The alignment of the three most massive otoliths focused on the post-peak ¹⁴C decline but because of their proximity to peak ¹⁴C levels during this period, the measurements could have formed further back in time and still agree with the tropical ¹⁴C chronology. By comparing otolith mass to age there is support for greater ages to EE007 and EE009 because mass becomes a better proxy for age (Figure 4). Hence, the most massive otolith may be associated with the late rise of bomb ¹⁴C, prior to reaching peak levels, by assuming only the first 2–3 years of growth were sampled. Alignment to the bomb-produced ¹⁴C rise increases the age of EE009A to 46 years with a hatch year of 1968, which consequently places the elevated second core in 1970 and near peak levels, possibly representing uptake of ¹⁴C from a combination of the tropical seas and mixed North Sea waters while in transit to the northeast (Figure 3). Consideration of historic ¹⁴C measurements made in DIC from the Sargasso Sea during the peak period (Nydal et al. Reference Nydal, Gulliksen, Löveseth and Skogseth1984) might explain some of the slightly elevated ¹⁴C level of the second measurement, relative to the more averaged chronology that is derived from coral and otolith samples, but it seems more likely that the elevated levels reflect a mix of the ¹⁴C chronologies to the northeast and its arrival in the freshwaters of Norway (Figure 3). It is important to note that DIC measurements are typically much more variable than coral and otolith samples (months or even a year of accretionary growth) because each DIC measurement is instantaneous. For EE007, the hatch year alignment is not as well defined because the measured ¹⁴C value from the core is similar to peak bomb ¹⁴C levels, but an estimated hatch year of 1971 was applied in this case (toward the top of the rise period, although it could be a few years younger) for an age of 42 years (Figure 3). These alignments are an increase of 15 and 32 years to the original age estimates (Table 1).
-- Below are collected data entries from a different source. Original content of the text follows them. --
Lemma prod_measure_mass : \sum_yy prod_measure c f yy = c.
Proof.
rewrite /prod_measure -big_distrr /= (sum_prod_factor (fun k s => f k s / c)).
have [->|cn0] := eqVneq c 0; first by rewrite mul0r.
by rewrite big1 ?mulr1 // => k _; rewrite -mulr_suml f_mass divff.
Qed.

End CommonMass.
End ProductMeasure.

Section Values.
Variable R : realType.

Lemma sup_attained (E : set R) x : E x -> ubound E x -> sup E = x.
Proof.
move=> Ex ub; apply/le_anti/andP; split; first by apply: ge_sup => //; exists x.
by apply: ub_le_sup => //; exists x.
Qed.

Lemma inf_attained (E : set R) x : E x -> lbound E x -> inf E = x.
Proof.
move=> Ex lb; apply/le_anti/andP; split; last by apply: lb_le_inf => //; exists x.
by apply: ge_inf => //; exists x.
Qed.

Lemma dist_le1 (T : finType) (p : T -> R) t : is_dist p -> p t <= 1.
Proof. by case=> p0 <-; rewrite (bigD1 t) //= lerDl sumr_ge0. Qed.

Variables (Th A : finType) (u : Th -> A -> R).

(** A uniform bound on payoffs, making all sups and infs below finite. *)
Definition payoff_bound : R := \sum_th \sum_a `|u th a|.

Lemma norm_payoff_le (Y : finType) (P : Th -> Y -> R) sigma :
  experiment P -> strategy sigma -> `|payoff P u sigma| <= payoff_bound.
Proof.
move=> hP hs; apply: (le_trans (ler_norm_sum _ _ _)); apply: ler_sum => th _.
rewrite -[leRHS]mul1r -(proj2 (hP th)) mulr_suml.
apply: (le_trans (ler_norm_sum _ _ _)); apply: ler_sum => y _.
rewrite normrM ger0_norm; last exact: (proj1 (hP th)).
apply: ler_wpM2l; first exact: (proj1 (hP th)).
apply: (le_trans (ler_norm_sum _ _ _)); apply: ler_sum => a _.
rewrite normrM ger0_norm; last exact: (proj1 (hs y)).
by rewrite -[leRHS]mul1r ler_wpM2r // dist_le1.
Qed.

Lemma payoff_le_value (Y : finType) (P : Th -> Y -> R) sigma :
  experiment P -> strategy sigma -> payoff P u sigma <= value P u.
Proof.
move=> hP hs; apply: ub_le_sup; last by exists sigma.
exists payoff_bound => _ [s [hs' ->]].
exact: le_trans (ler_norm _) (norm_payoff_le hP hs').
Qed.
Lemma trilinear_rho_l_rho_ij :
  isum a m (fun n => trilinear (fun n i j => rho (n - i - j)%Z * rho (i + j)%Z) n ^ 2)
    <= 9 * (F * G * H).
Proof.
  apply Rle_trans with (isum a m (fun n => 3 * G *
     isum a1 m1 (fun i => isum a2 m2 (fun j => (rho (i + j)%Z * f i * h (n - i - j)%Z) ^ 2)))).
  { apply isum_le; intros n _. unfold trilinear.
    rewrite (isum_ext _ _ _ (fun i => isum a2 m2 (fun j => (rho (n - i - j)%Z * g j) *
       (rho (i + j)%Z * f i * h (n - i - j)%Z)))) by (intros; apply isum_ext; intros; ring).
    eapply Rle_trans; [apply isum2_Cauchy_Schwarz|].
    apply Rmult_le_compat_r; [apply isum_nonneg; intros; apply isum_nonneg; auto|].
    rewrite isum_swap.
    apply Rle_trans with (isum a2 m2 (fun j => g j ^ 2 * 3));
      [|rewrite (Rmult_comm 3); apply isum_mul_le; auto; lra].
    apply isum_le; intros j _.
    rewrite (isum_ext _ _ _ (fun i => g j ^ 2 * rho (n - j - i)%Z ^ 2))
      by (intros; replace (n - j - i)%Z with (n - i - j)%Z by lia; ring).
    rewrite isum_scal. apply Rmult_le_compat_l; auto.
    exact (sums_bounded_reflect _ _ (n - j) sums_bounded_rho2 a1 m1). }
  rewrite isum_scal. replace (9 * (F * G * H)) with (3 * G * (F * (3 * H))) by ring.
  apply Rmult_le_compat_l; [lra|].
  rewrite isum_swap.
  apply Rle_trans with (isum a1 m1 (fun i => f i ^ 2 * (3 * H)));
    [|apply isum_mul_le; auto; lra].
  apply isum_le; intros i _. rewrite isum_swap.
  apply Rle_trans with (isum a2 m2 (fun j => rho (j + i)%Z ^ 2 * (f i ^ 2 * H))).
  2:{ replace (f i ^ 2 * (3 * H)) with (3 * (f i ^ 2 * H)) by ring.
      apply isum_mul_le; [auto | exact (sums_bounded_shift _ _ i sums_bounded_rho2)
                         | apply Rmult_le_pos; auto | lra]. }
  apply isum_le; intros j _.
  rewrite (isum_ext _ _ _ (fun n => (rho (j + i)%Z ^ 2 * f i ^ 2) * h (n - (i + j))%Z ^ 2))
    by (intros; rewrite (Z.add_comm j i), Z.sub_add_distr; ring).
  rewrite isum_scal, <- Rmult_assoc. apply Rmult_le_compat_l; [apply Rmult_le_pos; auto|].
  exact (sums_bounded_sub _ _ (i + j) HH a m).
Qed.

Lemma trilinear_kernel_weight :
  isum a m (fun n => trilinear kernel_weight n ^ 2) <= 81 * (F * G * H).
Proof.
  pose proof trilinear_rho_i_rho_j as E1.
  pose proof trilinear_rho_j_rho_nj as E2.
  pose proof trilinear_rho_l_rho_ij as E3.
  set (T1 := trilinear (fun _ i j => rho i * rho j)) in *.
  set (T2 := trilinear (fun n _ j => rho j * rho (n - j)%Z)) in *.
  set (T3 := trilinear (fun n i j => rho (n - i - j)%Z * rho (i + j)%Z)) in *.
  apply Rle_trans with (isum a m (fun n => 3 * (T1 n ^ 2 + T2 n ^ 2 + T3 n ^ 2))).
  - apply isum_le; intros n _.
    replace (trilinear kernel_weight n) with (T1 n + T2 n + T3 n).
    2:{ unfold T1, T2, T3, trilinear. rewrite <- !isum_plus. apply isum_ext; intros.
        rewrite <- !isum_plus. apply isum_ext; intros. unfold kernel_weight. ring. }
    apply sqr_sum3_le.
  - rewrite isum_scal, !isum_plus. lra.
Qed.

End Trilinear.

Definition cabs (z : Cx) : R := sqrt (Cnorm2 z).

Lemma Cnorm2_nonneg z : 0 <= Cnorm2 z.
Proof. unfold Cnorm2. nra. Qed.

Lemma cabs_nonneg z : 0 <= cabs z.
Proof. apply sqrt_pos. Qed.

Lemma cabs_sq z : cabs z ^ 2 = Cnorm2 z.
Proof. unfold cabs. rewrite <- Rsqr_pow2. apply Rsqr_sqrt, Cnorm2_nonneg. Qed.
(* Let $X=\{x_1,\dots,x_n\}$ and $Z=\{z_1,\dots,z_n\}$ be sets equipped with symmetric non-negative functions $d_X\colon X\times X\to\mathbb{R}^+$ and $d_Z\colon Z\times Z\to\mathbb{R}^+$, and let $f_\bullet\colon X\to Z$ be the bijection $x_i\mapsto z_i$. Then for all $a,b\in\mathbb{R}^+$, \[ \sum_{b'\in\mathbb{R}^+}\mathcal{M}^0_f(a,b')=m^X(a)\qquad\text{and}\qquad\sum_{a'\in\mathbb{R}^+}\mathcal{M}^0_f(a',b)=m^Z(b). \]
   Context: $\mathbb{R}^+=[0,\infty)$; the functions $d_X,d_Z$ may vanish on distinct points and need not satisfy the triangle inequality. For a finite set $Y=\{y_1,\dots,y_n\}$ with symmetric non-negative $d_Y$ and $r\ge 0$, let $G_r(Y)$ be the graph on $Y$ with an edge $[y,y']$ ($y\ne y'$) whenever $d_Y(y,y')\le r$ (for $r>0$ this is the Vietoris–Rips graph $\mathrm{VR}_r(Y)$; $\mathrm{VR}_0(Y)$ has no edges). $H_0(\mathrm{VR}_0(Y))$ is the $\mathbb{Z}_2$-vector space with basis $[y_1],\dots,[y_n]$. For $b\ge0$, $\ker^+_b(Y)$ is the span of all $[y]+[y']$ with $y,y'$ in the same connected component of $G_b(Y)$; $\ker^-_0(Y)=0$ and for $b>0$, $\ker^-_b(Y)$ is the span of all $[y]+[y']$ with $y,y'$ in the same component of $G_r(Y)$ for some $0\le r<b$. For $j\in\{2,\dots,n\}$ the death value $b_j$ of $y_j$ is the least $r\ge0$ such that $y_j$ is in the same component of $G_r(Y)$ as some $y_i$ with $i<j$; for $a\ge 0$, $m^Y(a)$ is the number of $j\in\{2,\dots,n\}$ with $b_j=a$. $f_0\colon H_0(\mathrm{VR}_0(X))\to H_0(\mathrm{VR}_0(Z))$ is the linear isomorphism $[x_i]\mapsto[z_i]$, and \[ \mathcal{M}^0_f(a,b)=\dim\frac{f_0(\ker^+_a(X))\cap\ker^+_b(Z)}{f_0(\ker^-_a(X))\cap\ker^+_b(Z)+f_0(\ker^+_a(X))\cap\ker^-_b(Z)},\quad a,b\in\mathbb{R}^+. \] (Only finitely many terms of each sum are nonzero.) *)

From HB Require Import structures.
From mathcomp Require Import all_boot all_order all_algebra.
From Stdlib Require Import ClassicalEpsilon.
Set Implicit Arguments. Unset Strict Implicit. Unset Printing Implicit Defensive.
Import Order.TTheory GRing.Theory Num.Theory.
Local Open Scope ring_scope.

Definition pbool (P : Prop) : bool :=
  if excluded_middle_informative P then true else false.

Section Defs.
Variable R : realFieldType.
Variable n : nat.

(* Points y_1..y_n are indexed by 'I_n (0-based). *)
Definition Gedge (d : 'I_n -> 'I_n -> R) (r : R) : rel 'I_n :=
  fun i j => (i != j) && (d i j <= r).

Definition samecomp (d : 'I_n -> 'I_n -> R) (r : R) (i j : 'I_n) : bool :=
  connect (Gedge d r) i j.

(* H_0(VR_0(Y)) = Z_2^n, [y_i] = i-th standard basis row vector. *)
Definition gen (i : 'I_n) : 'rV['F_2]_n := delta_mx 0 i.

Definition kerp (d : 'I_n -> 'I_n -> R) (b : R) : 'M['F_2]_n :=
  (\sum_(i : 'I_n) \sum_(j : 'I_n | samecomp d b i j) <<gen i + gen j>>)%MS.

Definition samecomp_below (d : 'I_n -> 'I_n -> R) (b : R) (i j : 'I_n) : bool :=
  pbool (exists r : R, 0 <= r /\ r < b /\ samecomp d r i j).

Definition kerm (d : 'I_n -> 'I_n -> R) (b : R) : 'M['F_2]_n :=
  if b == 0 then 0 else
  (\sum_(i : 'I_n) \sum_(j : 'I_n | samecomp_below d b i j)
     <<gen i + gen j>>)%MS.

(* f_0 : [x_i] |-> [z_i]; in the standard bases it is the identity matrix.
   The image of a subspace A under f_0 is (A *m f0)%MS. *)
Definition f0 : 'M['F_2]_n := 1%:M.

(* dim (U / W) for W <= U is \rank U - \rank W. *)
Definition M0 (dX dZ : 'I_n -> 'I_n -> R) (a b : R) : nat :=
  let A := (kerp dX a *m f0)%MS in
  let C := (kerm dX a *m f0)%MS in
  let B := kerp dZ b in
  let D := kerm dZ b in
  (\rank (A :&: B)%MS - \rank ((C :&: B) + (A :&: D))%MS)%N.

(* death value: b is the least r >= 0 such that y_j is in the same component
   of G_r(Y) as some y_i with i < j *)
Definition death_pred (d : 'I_n -> 'I_n -> R) (j : 'I_n) (r : R) : Prop :=
  exists i : 'I_n, (i < j)%N /\ samecomp d r i j.

Definition is_death (d : 'I_n -> 'I_n -> R) (j : 'I_n) (b : R) : Prop :=
  [/\ 0 <= b, death_pred d j b & forall r, 0 <= r -> death_pred d j r -> b <= r].

(* m^Y(a): number of j in {2..n} (0-based: j >= 1) with b_j = a *)
Definition mult (d : 'I_n -> 'I_n -> R) (a : R) : nat :=
  #|[set j : 'I_n | (0 < j)%N && pbool (is_death d j a)]|.

End Defs.

(* "sum_{x in R^+} F x = v", where only finitely many terms are nonzero:
   there is a duplicate-free finite list of nonnegative reals containing
   every x >= 0 with F x <> 0, and the sum over it is v. *)
Definition has_fsum (R : realFieldType) (F : R -> nat) (v : nat) : Prop :=
  exists s : seq R,
    [/\ uniq s, all (fun x => 0 <= x) s,
        (forall x, 0 <= x -> F x != 0%N -> x \in s)
      & (\sum_(x <- s) F x)%N = v].

From HB Require Import structures.
From mathcomp Require Import all_boot all_order all_algebra.
From Stdlib Require Import ClassicalEpsilon.
From mathcomp Require Import zify.
Import Order.TTheory GRing.Theory Num.Theory.
Local Open Scope ring_scope.
Set Implicit Arguments. Unset Strict Implicit. Unset Printing Implicit Defensive.

(* For r >= 0, ker^+_r(Y) is spanned by the vectors [y_j] + [y_m], where y_m
   is the point of least index in the component of y_j in G_r(Y) and j ranges
   over the points with b_j <= r. These vectors are independent, hence
   dim ker^+_r = #{j | b_j <= r} and m^Y(a) = dim ker^+_a - dim ker^-_a.
   Fix a, let A = ker^+_a(X), C = ker^-_a(X), and let 0 = B_0 <= B_1 <= ... be
   the spaces ker^+_b(Z) at the successive critical values b of d_Z, so that
   ker^-_b(Z) is the previous space of the chain. Then M^0_f(a, b) vanishes off
   the critical values and equals rank(A :&: B_(k+1) + C) - rank(A :&: B_k + C) at
   the k-th one; these increments telescope to rank A - rank C = m^X(a). The
   second identity is the first one with X and Z exchanged. *)

Lemma pboolP (P : Prop) : reflect P (pbool P).
Proof. by rewrite /pbool; case: excluded_middle_informative; constructor. Qed.

Lemma addrr_F2 n (v : 'rV['F_2]_n) : v + v = 0.
Proof. by apply/rowP => j; rewrite !mxE addrr_pchar2 // pchar_Fp. Qed.

Lemma lt_sorted_le_index disp (T : orderType disp) (s : seq T) x y :
  sorted <%O s -> x \in s -> y \in s -> (x <= y)%O = (index x s <= index y s)%N.
Proof.
move=> s_sorted xs ys; rewrite -{1}(nth_index x xs) -{1}(nth_index x ys).
by apply: lt_sorted_leq_nth; rewrite // inE index_mem.
Qed.

Section SubquotientRank.
Variables (F : fieldType) (m : nat).
Implicit Types A B C D : 'M[F]_m.

(* Both sides compute dim (A :&: D) / (C :&: D + A :&: B); on the right the
   quotient is taken after adding C, which meets A :&: D only in C :&: D. *)
Lemma mxrank_subquotient A C B D : (C <= A)%MS -> (B <= D)%MS ->
  (\rank (A :&: D) - \rank (C :&: D + A :&: B) =
   \rank (A :&: D + C) - \rank (A :&: B + C))%N.
Proof.
move=> sCA sBD; set W := (C :&: D + A :&: B)%MS.
have sCD_W : (C :&: D <= W)%MS by rewrite addsmxSl.
have sW : (W <= A :&: D)%MS.
  by rewrite addsmx_sub !sub_capmx (submx_trans (capmxSl _ _)) ?capmxSr ?capmxSl
             ?(submx_trans (capmxSr _ _) sBD).
have capA : (A :&: D :&: C :=: C :&: D)%MS.
  by rewrite capmxC capmxA; apply: cap_eqmx (capmx_idPl sCA) (eqmx_refl D).
have capW : (W :&: C :=: C :&: D)%MS.
  apply/eqmxP; rewrite !sub_capmx sCD_W capmxSl capmxSr.
  by rewrite (submx_trans (capmxSl _ _) (submx_trans sW (capmxSr _ _))).
have addW : (W + C :=: A :&: B + C)%MS.
  apply/eqmxP; rewrite !addsmx_sub !addsmxSr addsmxSl andbT /=.
  by rewrite (submx_trans (capmxSl _ _) (addsmxSr _ _))
             (submx_trans (addsmxSr (C :&: D)%MS _) (addsmxSl _ _)).
have := mxrank_sum_cap (A :&: D)%MS C; have := mxrank_sum_cap W C.
rewrite capA capW addW; lia.
Qed.

Lemma sum_mxrank_subquotients A C (B : nat -> 'M[F]_m) N :
  (C <= A)%MS -> B 0%N = 0 -> (forall i, (i < N)%N -> (B i <= B i.+1)%MS) ->
  (A <= B N)%MS ->
  (\sum_(i < N) (\rank (A :&: B i.+1) - \rank (C :&: B i.+1 + A :&: B i)))%N =
  (\rank A - \rank C)%N.
Proof.
move=> sCA B0 sB sAB; pose h i := \rank (A :&: B i + C)%MS.
rewrite (eq_bigr (fun i : 'I_N => h i.+1 - h i)%N); last first.
  by move=> i _; apply: mxrank_subquotient => //; apply: sB.
rewrite -(big_mkord xpredT (fun i => h i.+1 - h i)%N).
rewrite telescope_sumn_in //; last first.
  by move=> i /andP[_ /sB sBi]; apply: mxrankS; rewrite addsmxS ?capmxS.
rewrite /h B0 capmx0 adds0mx; congr (_ - _)%N; apply: eqmx_rank.
rewrite addsmx_sub capmxSl sCA (submx_trans _ (addsmxSl _ _)) //.
by rewrite sub_capmx submx_refl.
Qed.
End SubquotientRank.

Lemma mxrank_sum_delta_pairs (F : fieldType) n (D : {set 'I_n}) f :
  {in D, forall j, f j \notin D} ->
  \rank (\sum_(j in D) <<delta_mx 0 j + delta_mx 0 (f j) : 'rV[F]_n>>)%MS = #|D|.
Proof.
move=> fD; set S := (\sum_(j in D) _)%MS; apply/eqP; rewrite eqn_leq.
apply/andP; split.
  apply: leq_trans (mxrank_sum_leqif _).1 _ => /=; rewrite -sum1_card.
  by apply: leq_sum => j _; rewrite mxrank_gen rank_leq_row.
pose P : 'M[F]_n := diag_mx (\row_k ((k \in D)%:R : F)).
have projP j : j \in D ->
    (delta_mx 0 j + delta_mx 0 (f j) : 'rV[F]_n) *m P = delta_mx 0 j.
  move=> jD; rewrite mul_mx_diag; apply/rowP => k; rewrite !mxE eqxx /=.
  have [->|_] := eqVneq k j.
    have /negPf-> : j != f j by apply: contraNneq (fD j jD) => <-.
    by rewrite jD addr0 mulr1.
  have [->|_] := eqVneq k (f j); last by rewrite add0r mul0r.
  by rewrite (negPf (fD j jD)) mulr0.
have /mxdirectP /= rank_deltas :
    mxdirect (\sum_(j in D) <<delta_mx 0 j : 'rV[F]_n>>).
  exact: (@mxdirect_delta F _ _ n id).
apply: leq_trans (mxrankM_maxl S P).
rewrite -sum1_card.
rewrite (eq_bigr (fun j => \rank <<delta_mx 0 j : 'rV[F]_n>>)%MS); last first.
  by move=> j _; rewrite mxrank_gen mxrank_delta.
rewrite -rank_deltas; apply: mxrankS; apply/sumsmx_subP => j jD.
by rewrite genmxE -(projP j jD) submxMr // (sumsmx_sup j) ?genmxE.
Qed.

Section Distances.
Variables (R : realFieldType) (n : nat) (d : 'I_n -> 'I_n -> R).
Implicit Types (r t b : R) (i j : 'I_n).

Definition dead r : {set 'I_n} :=
  [set j : 'I_n | [exists i : 'I_n, (i < j)%N && samecomp d r i j]].

Lemma death_predP j r : death_pred d j r <-> j \in dead r.
Proof.
rewrite inE; split=> [[i [lt_ij cij]]|/existsP[i /andP[lt_ij cij]]]; last by exists i.
by apply/existsP; exists i; rewrite lt_ij.
Qed.

Lemma dead_gt0 j r : j \in dead r -> (0 < j)%N.
Proof. by rewrite inE => /existsP[i /andP[lt_ij _]]; apply: leq_ltn_trans lt_ij. Qed.

Lemma samecompW r r' : (forall i j, d i j <= r -> d i j <= r') ->
  subrel (samecomp d r) (samecomp d r').
Proof.
move=> le_rr'; apply: connect_sub => i j /andP[neq_ij /le_rr' le_ij].
by apply: connect1; rewrite /Gedge neq_ij le_ij.
Qed.

Lemma deadW r r' : (forall i j, d i j <= r -> d i j <= r') ->
  dead r \subset dead r'.
Proof.
move=> le_rr'; apply/subsetP => j; rewrite !inE => /existsP[i /andP[lt_ij cij]].
by apply/existsP; exists i; rewrite lt_ij (samecompW le_rr').
Qed.

Lemma samecomp_total r : (forall i j, d i j <= r) -> forall i j, samecomp d r i j.
Proof.
move=> le_r i j; have [<-|neq_ij] := eqVneq i j; first exact: connect0.
by apply: connect1; rewrite /Gedge neq_ij le_r.
Qed.

Section ComponentMinimum.
Hypothesis d_sym : forall i j, d i j = d j i.
Variable r : R.
Local Notation c := (samecomp d r).

Lemma samecomp_sym : symmetric c.
Proof. by apply: sym_connect_sym => i j; rewrite /Gedge eq_sym d_sym. Qed.

Definition comp_min j : 'I_n := [arg min_(i < j | c j i) (i : nat)].

Lemma comp_minP j : c j (comp_min j) /\ forall i, c j i -> (comp_min j <= i)%N.
Proof. by rewrite /comp_min; case: arg_minnP; first exact: connect0. Qed.

Lemma comp_min_eq i j : c i j -> comp_min i = comp_min j.
Proof.
move=> cij; have [ci min_i] := comp_minP i; have [cj min_j] := comp_minP j.
apply/val_inj/anti_leq; rewrite min_i ?min_j //; last exact: connect_trans cij cj.
by rewrite samecomp_sym in cij; apply: connect_trans cij ci.
Qed.

Lemma dead_comp_min j : (j \in dead r) = (comp_min j != j).
Proof.
have [cj min_j] := comp_minP j; rewrite inE; apply/existsP/idP.
  case=> i /andP[lt_ij cij]; apply: contraTneq lt_ij => <-.
  by rewrite -leqNgt min_j // samecomp_sym.
move=> neq_j; exists (comp_min j); rewrite samecomp_sym cj andbT ltn_neqAle neq_j.
by rewrite min_j //; exact: connect0.
Qed.

Lemma comp_min_notin_dead j : comp_min j \notin dead r.
Proof.
by rewrite dead_comp_min negbK -(comp_min_eq (proj1 (comp_minP j))).
Qed.

Lemma kerp_span :
  (kerp d r == \sum_(j in dead r) <<gen j + gen (comp_min j)>>)%MS.
Proof.
set S := (\sum_(j in dead r) _)%MS.
have sub_S j : ((gen j + gen (comp_min j))%R <= S)%MS.
  have [jD|] := boolP (j \in dead r).
    by apply: (sumsmx_sup j) => //; rewrite genmxE submx_refl.
  by rewrite dead_comp_min negbK => /eqP->; rewrite addrr_F2 sub0mx.
apply/andP; split; apply/sumsmx_subP => i.
  move=> _; apply/sumsmx_subP => j cij; rewrite genmxE.
  have -> : gen i + gen j =
            (gen i + gen (comp_min i)) + (gen j + gen (comp_min j)).
    by rewrite (comp_min_eq cij) addrACA addrr_F2 addr0.
  by rewrite addmx_sub ?sub_S.
move=> _; rewrite genmxE (sumsmx_sup i) // (sumsmx_sup (comp_min i)) ?genmxE //.
by case: (comp_minP i).
Qed.

Lemma mxrank_kerp : \rank (kerp d r) = #|dead r|.
Proof.
rewrite (eqmx_rank kerp_span); apply: mxrank_sum_delta_pairs => j _.
exact: comp_min_notin_dead.
Qed.

End ComponentMinimum.

Lemma kerpS (d' : 'I_n -> 'I_n -> R) r r' :
  subrel (samecomp d r) (samecomp d' r') -> (kerp d r <= kerp d' r')%MS.
Proof.
move=> sub_c; apply/sumsmx_subP => i _; apply/sumsmx_subP => j cij.
by apply: (sumsmx_sup i) => //; apply: (sumsmx_sup j) => //; apply: sub_c.
Qed.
The successive ¹⁴C measurements made for the most massive otolith (EE009 at 10.47 mg) exemplify the successful process used to extract core material from European eel otoliths. The first extraction (Core 1) targeted the first two years of growth and the second (Core 2) targeted a few more years beyond the core (Figure 5A). Based on the original counting to 14 years (marked), Core 1 extracted the first year of growth and Core 2 covered most of years 2–3 based on an overlay of the cutting paths (Figure 5B). However, because the first two growth zones are tightly coupled and not originally counted separately, it is possible that Core 1 sampled years 1–2 and Core 2 sampled years 3–4. Alignments were similar for the other single-extraction otolith cores by being within what is interpreted here as the first 2 years of growth.

Figure 5.

Sagittal otolith sections from the European eel (EE009) with the most massive otolith (10.47 mg) showing (A) the core extractions and (B) the growth zone counting marked to attain the original age estimate of 14 years. The otolith core was extracted twice (A) with core 1 centered on the first 2 years of growth and core 2 as a concentric extraction to remove years 3 and 4. The overlay (B) shows how this specimen and the other otoliths were verified by tracing a microscopic view of the extraction area on the aged otoliths. An older age reading scenario that may account for the much greater age of 46 years is indicated with the white arrow extending from the nucleus to the edge, along which there are numerous finer increments that are currently considered subannual.